◆ Input data:
Lemma count_in_jumps_add_ge Q al m d : (forall i, (m < i <= m + d)%nat -> Q i) ->
  (beatty al (m + d) <= count_in (fun i => Q i /\ jumps al i) m d + beatty al m)%nat.
Proof.
  intros HQ. induction d as [|d IH]; simpl; [rewrite Nat.add_0_r; lia|].
  rewrite Nat.add_succ_r.
  specialize (IH ltac:(intros i Hi; apply HQ; lia)).
  destruct (excluded_middle_informative _) as [_ | Hn]; [destruct (beatty_S al (m + d)); lia|].
  destruct (beatty_S al (m + d)) as [E | E]; [lia|].
  exfalso. apply Hn. split; [apply HQ; lia | exact E].
Qed.

Lemma count_in_jumps_le Q al m d : 0 <= al <= 1 ->
  INR (count_in (fun i => Q i /\ jumps al i) m d) <= al * INR d + 1.
Proof.
  intros Hal. pose proof (le_INR _ _ (count_in_jumps_add_le Q al m d)) as H.
  pose proof (beatty_spec al m Hal). pose proof (beatty_spec al (m + d) Hal).
  rewrite plus_INR in *. lra.
Qed.

Lemma count_in_jumps_ge Q al m d : 0 <= al <= 1 ->
  (forall i, (m < i <= m + d)%nat -> Q i) ->
  al * INR d - 1 <= INR (count_in (fun i => Q i /\ jumps al i) m d).
Proof.
  intros Hal HQ. pose proof (le_INR _ _ (count_in_jumps_add_ge Q al m d HQ)) as H.
  pose proof (beatty_spec al m Hal). pose proof (beatty_spec al (m + d) Hal).
  rewrite plus_INR in *. lra.
Qed.

Definition in_blocks (i : nat) : Prop := exists k, (4 ^ k < i <= 4 ^ k + k)%nat.

Lemma count_in_blocks_le k N : (N <= 4 ^ S k)%nat -> (count_in in_blocks 0 N <= k * k)%nat.
Proof.
  revert N; induction k as [|k IH]; intros N HN.
  - apply count_in_le_of_bounded. intros i Hi [[|j] Hj]; [simpl in Hj; lia|].
    pose proof (Nat.pow_le_mono_r 4 1 (S j) ltac:(lia) ltac:(lia)). simpl in *. lia.
  - destruct (Nat.le_gt_cases N (4 ^ S k)) as [H | H]; [specialize (IH N H); nia|].
    replace N with (4 ^ S k + (N - 4 ^ S k))%nat by lia. rewrite count_in_add.
    specialize (IH (4 ^ S k)%nat (le_n _)).
    assert (count_in in_blocks (0 + 4 ^ S k) (N - 4 ^ S k) <= S k)%nat.
    { apply count_in_le_of_bounded. intros i Hi [j Hj].
      destruct (Nat.lt_total j (S k)) as [Hl | [-> | Hg]]; [|lia|].
      - pose proof (Nat.pow_le_mono_r 4 j k ltac:(lia) ltac:(lia)).
        pose proof (Nat.pow_gt_lin_r 4 k ltac:(lia)). rewrite Nat.pow_succ_r' in Hi. lia.
      - pose proof (Nat.pow_le_mono_r 4 (S (S k)) j ltac:(lia) ltac:(lia)). lia. }
    nia.
Qed.

Lemma cube_le_pow4 k : (k * k * k <= 4 ^ k)%nat.
Proof.
  induction k as [|k IH]; [simpl; lia|].
  destruct k as [|[|k]]; [simpl; lia | simpl; lia|].
  rewrite Nat.pow_succ_r'. nia.
Qed.

Lemma in_blocks_sparse K : exists C, forall N, (K * count_in in_blocks 0 N <= N + C)%nat.
Proof.
  exists (K * K * K)%nat.
  assert (H : forall k N, (N <= 4 ^ S k)%nat -> (K * count_in in_blocks 0 N <= N + K * K * K)%nat).
  { induction k as [|k IH]; intros N HN.
    - pose proof (count_in_blocks_le 0 N HN). nia.
    - destruct (Nat.le_gt_cases N (4 ^ S k)) as [Hle | Hgt]; [exact (IH N Hle)|].
      pose proof (cube_le_pow4 (S k)).
      assert (Hc : (K * count_in in_blocks 0 N <= K * (S k * S k))%nat)
        by (apply Nat.mul_le_mono_l, count_in_blocks_le, HN).
      destruct (Nat.le_gt_cases K (S k)) as [HK | HK].
      + assert (K * (S k * S k) <= S k * S k * S k)%nat by nia. lia.
      + assert (K * (S k * S k) <= K * K * K)%nat by nia. lia. }
  intros N. apply (H N). pose proof (Nat.pow_gt_lin_r 4 (S N) ltac:(lia)). lia.
Qed.

Definition digit_levels (al : R) (i : nat) : Prop := in_blocks i /\ jumps al i.

Lemma digit_levels_sparse al a : 0 < a ->
  exists C, forall N, INR (count_in (digit_levels al) 0 N) <= a * INR N + C.
Proof.
  intros Ha. destruct (INR_unbounded (/ a)) as [K HK].
  destruct (in_blocks_sparse K) as [C HC]. exists (a * INR C). intros N.
  pose proof (le_INR _ _ (count_in_mono (digit_levels al) in_blocks 0 N (fun i H => proj1 H))).
  pose proof (le_INR _ _ (HC N)) as HCN. rewrite mult_INR, plus_INR in HCN.
  pose proof (pos_INR (count_in in_blocks 0 N)).
  assert (HaK : 1 <= a * INR K).
  { pose proof (Rmult_lt_compat_l a _ _ Ha HK). rewrite Rinv_r in * by lra. lra. }
  nra.
Qed.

◆ Exercise goal:
In the listing above, find each line containing "Definition" and copy it.

◆ Task output:
Definition in_blocks (i : nat) : Prop := exists k, (4 ^ k < i <= 4 ^ k + k)%nat.
Definition digit_levels (al : R) (i : nat) : Prop := in_blocks i /\ jumps al i.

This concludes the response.